Input:
(* Let $Q$ be a supported quantale and $R$ an equivariantly supported quantale. Then every strong homomorphism of based quantales $f=(f_1,f_0):Q\to R$ commutes with the supports, i.e. $f_0(\varsigma_Q(x))=\varsigma_R(f_1(x))$ for all $x\in Q$.
   Context: For a locale $A$, an $A$-$A$-bimodule is a sup-lattice $M$ with actions $a\triangleright m$, $m\triangleleft a$ preserving joins in each variable, with $1_A\triangleright m=m$, $(a\wedge b)\triangleright m=a\triangleright(b\triangleright m)$, $m\triangleleft1_A=m$, $m\triangleleft(a\wedge b)=(m\triangleleft a)\triangleleft b$, $(a\triangleright m)\triangleleft b=a\triangleright(m\triangleleft b)$. An $A$-$A$-quantale is such a $Q$ with associative join-preserving multiplication and $(a\triangleright x)y=a\triangleright(xy)$, $(x\triangleleft a)y=x(a\triangleright y)$, $(xy)\triangleleft a=x(y\triangleleft a)$; involutive if there is a join-preserving $x\mapsto x^*$ with $x^{**}=x$, $(xy)^*=y^*x^*$, $(a\triangleright(x\triangleleft b))^*=b\triangleright(x^*\triangleleft a)$. A based quantale is an involutive $Q_0$-$Q_0$-quantale for a locale $Q_0$. A support is a join-preserving $\varsigma:Q\to Q_0$ with $\varsigma(1_Q)=1_{Q_0}$, $\varsigma(x)\triangleright y\le xx^*y$, $\varsigma(x)\triangleright x=x$; equivariant if $\varsigma(a\triangleright x)=a\wedge\varsigma(x)$. A supported (resp. equivariantly supported) quantale is a based quantale with a support (resp. equivariant support). A homomorphism of based quantales $f:Q\to R$ is a pair $(f_1,f_0)$ with $f_1:Q\to R$ preserving joins, multiplication and involution, $f_0:Q_0\to R_0$ a frame homomorphism, and $f_1(a\triangleright x)=f_0(a)\triangleright f_1(x)$, $f_1(x\triangleleft a)=f_1(x)\triangleleft f_0(a)$; it is strong if $f_1(1_Q)=1_R$. *)

Set Implicit Arguments.
Unset Strict Implicit.

Definition image {A B : Type} (f : A -> B) (S : A -> Prop) : B -> Prop :=
  fun y => exists x, S x /\ y = f x.

Record SupLattice := {
  sl_car :> Type;
  sl_le : sl_car -> sl_car -> Prop;
  sl_le_refl : forall x, sl_le x x;
  sl_le_trans : forall x y z, sl_le x y -> sl_le y z -> sl_le x z;
  sl_le_antisym : forall x y, sl_le x y -> sl_le y x -> x = y;
  sl_sup : (sl_car -> Prop) -> sl_car;
  sl_sup_ub : forall (S : sl_car -> Prop) x, S x -> sl_le x (sl_sup S);
  sl_sup_least : forall (S : sl_car -> Prop) y,
      (forall x, S x -> sl_le x y) -> sl_le (sl_sup S) y
}.

Arguments sl_le {s} _ _.
Arguments sl_sup {s} _.

Definition sl_top (L : SupLattice) : L := sl_sup (fun _ : L => True).

Definition join_preserving {L M : SupLattice} (f : L -> M) : Prop :=
  forall S : L -> Prop, f (sl_sup S) = sl_sup (image f S).

Record Locale := {
  loc_sl :> SupLattice;
  loc_meet : loc_sl -> loc_sl -> loc_sl;
  loc_meet_lb1 : forall a b, sl_le (loc_meet a b) a;
  loc_meet_lb2 : forall a b, sl_le (loc_meet a b) b;
  loc_meet_glb : forall a b c, sl_le c a -> sl_le c b -> sl_le c (loc_meet a b);
  loc_meet_sup : forall a (S : loc_sl -> Prop),
      loc_meet a (sl_sup S) = sl_sup (image (loc_meet a) S)
}.

Arguments loc_meet {l} _ _.

Definition frame_hom {A B : Locale} (f : A -> B) : Prop :=
  join_preserving f /\
  (forall a b, f (loc_meet a b) = loc_meet (f a) (f b)) /\
  f (sl_top A) = sl_top B.

Record BasedQuantale := {
  bq_base : Locale;
  bq_sl :> SupLattice;
  bq_lact : bq_base -> bq_sl -> bq_sl;
  bq_ract : bq_sl -> bq_base -> bq_sl;
  bq_lact_sup_l : forall (S : bq_base -> Prop) m,
      bq_lact (sl_sup S) m = sl_sup (image (fun a => bq_lact a m) S);
  bq_lact_sup_r : forall a (S : bq_sl -> Prop),
      bq_lact a (sl_sup S) = sl_sup (image (bq_lact a) S);
  bq_ract_sup_l : forall (S : bq_sl -> Prop) a,
      bq_ract (sl_sup S) a = sl_sup (image (fun m => bq_ract m a) S);
  bq_ract_sup_r : forall m (S : bq_base -> Prop),
      bq_ract m (sl_sup S) = sl_sup (image (bq_ract m) S);
  bq_lact_top : forall m, bq_lact (sl_top bq_base) m = m;
  bq_lact_meet : forall a b m, bq_lact (loc_meet a b) m = bq_lact a (bq_lact b m);
  bq_ract_top : forall m, bq_ract m (sl_top bq_base) = m;
  bq_ract_meet : forall m a b, bq_ract m (loc_meet a b) = bq_ract (bq_ract m a) b;
  bq_lact_ract : forall a m b, bq_ract (bq_lact a m) b = bq_lact a (bq_ract m b);
  bq_mul : bq_sl -> bq_sl -> bq_sl;
  bq_mul_assoc : forall x y z, bq_mul (bq_mul x y) z = bq_mul x (bq_mul y z);
  bq_mul_sup_l : forall (S : bq_sl -> Prop) y,
      bq_mul (sl_sup S) y = sl_sup (image (fun x => bq_mul x y) S);
  bq_mul_sup_r : forall x (S : bq_sl -> Prop),
      bq_mul x (sl_sup S) = sl_sup (image (bq_mul x) S);
  bq_lact_mul : forall a x y, bq_mul (bq_lact a x) y = bq_lact a (bq_mul x y);
  bq_ract_mul : forall x a y, bq_mul (bq_ract x a) y = bq_mul x (bq_lact a y);
  bq_mul_ract : forall x y a, bq_ract (bq_mul x y) a = bq_mul x (bq_ract y a);
  bq_star : bq_sl -> bq_sl;
  bq_star_sup : join_preserving bq_star;
  bq_star_star : forall x, bq_star (bq_star x) = x;
  bq_star_mul : forall x y, bq_star (bq_mul x y) = bq_mul (bq_star y) (bq_star x);
  bq_star_act : forall a x b,
      bq_star (bq_lact a (bq_ract x b)) = bq_lact b (bq_ract (bq_star x) a)
}.

Arguments bq_lact {b0} _ _.
Arguments bq_ract {b0} _ _.
Arguments bq_mul {b0} _ _.
Arguments bq_star {b0} _.

(** Supports.  Here 1_Q is the top element of Q. *)
Definition is_support (Q : BasedQuantale) (s : Q -> bq_base Q) : Prop :=
  join_preserving s /\
  s (sl_top Q) = sl_top (bq_base Q) /\
  (forall x y : Q, sl_le (bq_lact (s x) y) (bq_mul (bq_mul x (bq_star x)) y)) /\
  (forall x : Q, bq_lact (s x) x = x).

Definition is_equivariant_support (Q : BasedQuantale) (s : Q -> bq_base Q) : Prop :=
  is_support s /\ (forall (a : bq_base Q) (x : Q), s (bq_lact a x) = loc_meet a (s x)).

Definition bq_hom (Q R : BasedQuantale) (f1 : Q -> R) (f0 : bq_base Q -> bq_base R)
  : Prop :=
  join_preserving f1 /\
  (forall x y : Q, f1 (bq_mul x y) = bq_mul (f1 x) (f1 y)) /\
  (forall x : Q, f1 (bq_star x) = bq_star (f1 x)) /\
  frame_hom f0 /\
  (forall (a : bq_base Q) (x : Q), f1 (bq_lact a x) = bq_lact (f0 a) (f1 x)) /\
  (forall (x : Q) (a : bq_base Q), f1 (bq_ract x a) = bq_ract (f1 x) (f0 a)).

Definition bq_strong (Q R : BasedQuantale) (f1 : Q -> R) : Prop :=
  f1 (sl_top Q) = sl_top R.


(* Equivariance of sR gives sR(a |> y) = a /\ sR(y).  Hence sR(f1 x) <= f0(sQ x),
   since f1 x = f1(sQ x |> x) = f0(sQ x) |> f1 x, and f0 a = sR(f0 a |> 1) for
   every a, where 1 = f1 1.  For a = sQ x the support axiom sQ x |> 1 <= x x* 1
   then bounds f0(sQ x) by sR(f1 x (f1 x)* 1) <= sR(f1 x). *)

Lemma join_preserving_mono {L M : SupLattice} {f : L -> M} :
  join_preserving f -> forall a b : L, sl_le a b -> sl_le (f a) (f b).
Proof.
  intros Hf a b Hab.
  assert (Hb : b = sl_sup (fun t => t = a \/ t = b)).
  { apply sl_le_antisym.
    - apply sl_sup_ub. now right.
    - apply sl_sup_least. intros t [-> | ->]; auto using sl_le_refl. }
  rewrite Hb, Hf. apply sl_sup_ub. exists a. split; auto.
Qed.

Lemma loc_meet_top (A : Locale) (a : A) : loc_meet a (sl_top A) = a.
Proof.
  apply sl_le_antisym.
  - apply loc_meet_lb1.
  - apply loc_meet_glb; [apply sl_le_refl | apply sl_sup_ub; exact I].
Qed.

Section EquivariantSupport.

Context {R : BasedQuantale} {sR : R -> bq_base R}.
Hypothesis HsR : is_equivariant_support sR.

Lemma eqsupport_lact_top (a : bq_base R) : sR (bq_lact a (sl_top R)) = a.
Proof.
  destruct HsR as [[_ [topR _]] equivR].
  now rewrite equivR, topR, loc_meet_top.
Qed.

Lemma eqsupport_le_of_lact_fixed (a : bq_base R) (y : R) :
  bq_lact a y = y -> sl_le (sR y) a.
Proof.
  destruct HsR as [_ equivR]. intros Hfix.
  rewrite <- Hfix, equivR. apply loc_meet_lb1.
Qed.

Lemma eqsupport_mul_le (y z : R) : sl_le (sR (bq_mul y z)) (sR y).
Proof.
  destruct HsR as [[_ [_ [_ fixR]]] _].
  apply eqsupport_le_of_lact_fixed.
  now rewrite <- bq_lact_mul, fixR.
Qed.

End EquivariantSupport.

Section HomSupport.

Context {Q R : BasedQuantale}.
Context {sQ : Q -> bq_base Q} {sR : R -> bq_base R}.
Context {f1 : Q -> R} {f0 : bq_base Q -> bq_base R}.
Hypotheses (HsQ : is_support sQ) (HsR : is_equivariant_support sR).
Hypotheses (Hf : bq_hom f1 f0) (Hstrong : bq_strong f1).

Lemma eqsupport_hom_le (x : Q) : sl_le (sR (f1 x)) (f0 (sQ x)).
Proof.
  destruct HsQ as [_ [_ [_ fixQ]]].
  destruct Hf as [_ [_ [_ [_ [f1_lact _]]]]].
  apply (eqsupport_le_of_lact_fixed HsR).
  now rewrite <- f1_lact, fixQ.
Qed.

Lemma hom_support_le (x : Q) : sl_le (f0 (sQ x)) (sR (f1 x)).
Proof.
  destruct HsQ as [_ [_ [lactQ _]]].
  pose proof HsR as [[joinR _] _].
  destruct Hf as [join1 [f1_mul [_ [_ [f1_lact _]]]]].
  rewrite <- (eqsupport_lact_top HsR (f0 (sQ x))), <- Hstrong, <- f1_lact.
  apply sl_le_trans with (sR (f1 (bq_mul (bq_mul x (bq_star x)) (sl_top Q)))).
  - apply (join_preserving_mono joinR), (join_preserving_mono join1), lactQ.
  - rewrite !f1_mul, bq_mul_assoc. apply (eqsupport_mul_le HsR).
Qed.

End HomSupport.

Theorem lemma3p25
  (Q R : BasedQuantale)
  (sQ : Q -> bq_base Q) (HsQ : is_support sQ)
  (sR : R -> bq_base R) (HsR : is_equivariant_support sR)
  (f1 : Q -> R) (f0 : bq_base Q -> bq_base R)
  (Hf : bq_hom f1 f0) (Hstrong : bq_strong f1) :
  forall x : Q, f0 (sQ x) = sR (f1 x).
Proof.
  intro x. apply sl_le_antisym.
  - exact (hom_support_le HsQ HsR Hf Hstrong x).
  - exact (eqsupport_hom_le HsQ HsR Hf x).
Qed.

Exercise aim:
Out of the data above, give again only the lines starting at the one holding "forall S : L" and ending at the one holding "bq_lact_ract : forall", unchanged.

Written solution:
  forall S : L -> Prop, f (sl_sup S) = sl_sup (image f S).

Record Locale := {
  loc_sl :> SupLattice;
  loc_meet : loc_sl -> loc_sl -> loc_sl;
  loc_meet_lb1 : forall a b, sl_le (loc_meet a b) a;
  loc_meet_lb2 : forall a b, sl_le (loc_meet a b) b;
  loc_meet_glb : forall a b c, sl_le c a -> sl_le c b -> sl_le c (loc_meet a b);
  loc_meet_sup : forall a (S : loc_sl -> Prop),
      loc_meet a (sl_sup S) = sl_sup (image (loc_meet a) S)
}.

Arguments loc_meet {l} _ _.

Definition frame_hom {A B : Locale} (f : A -> B) : Prop :=
  join_preserving f /\
  (forall a b, f (loc_meet a b) = loc_meet (f a) (f b)) /\
  f (sl_top A) = sl_top B.

Record BasedQuantale := {
  bq_base : Locale;
  bq_sl :> SupLattice;
  bq_lact : bq_base -> bq_sl -> bq_sl;
  bq_ract : bq_sl -> bq_base -> bq_sl;
  bq_lact_sup_l : forall (S : bq_base -> Prop) m,
      bq_lact (sl_sup S) m = sl_sup (image (fun a => bq_lact a m) S);
  bq_lact_sup_r : forall a (S : bq_sl -> Prop),
      bq_lact a (sl_sup S) = sl_sup (image (bq_lact a) S);
  bq_ract_sup_l : forall (S : bq_sl -> Prop) a,
      bq_ract (sl_sup S) a = sl_sup (image (fun m => bq_ract m a) S);
  bq_ract_sup_r : forall m (S : bq_base -> Prop),
      bq_ract m (sl_sup S) = sl_sup (image (bq_ract m) S);
  bq_lact_top : forall m, bq_lact (sl_top bq_base) m = m;
  bq_lact_meet : forall a b m, bq_lact (loc_meet a b) m = bq_lact a (bq_lact b m);
  bq_ract_top : forall m, bq_ract m (sl_top bq_base) = m;
  bq_ract_meet : forall m a b, bq_ract m (loc_meet a b) = bq_ract (bq_ract m a) b;
  bq_lact_ract : forall a m b, bq_ract (bq_lact a m) b = bq_lact a (bq_ract m b);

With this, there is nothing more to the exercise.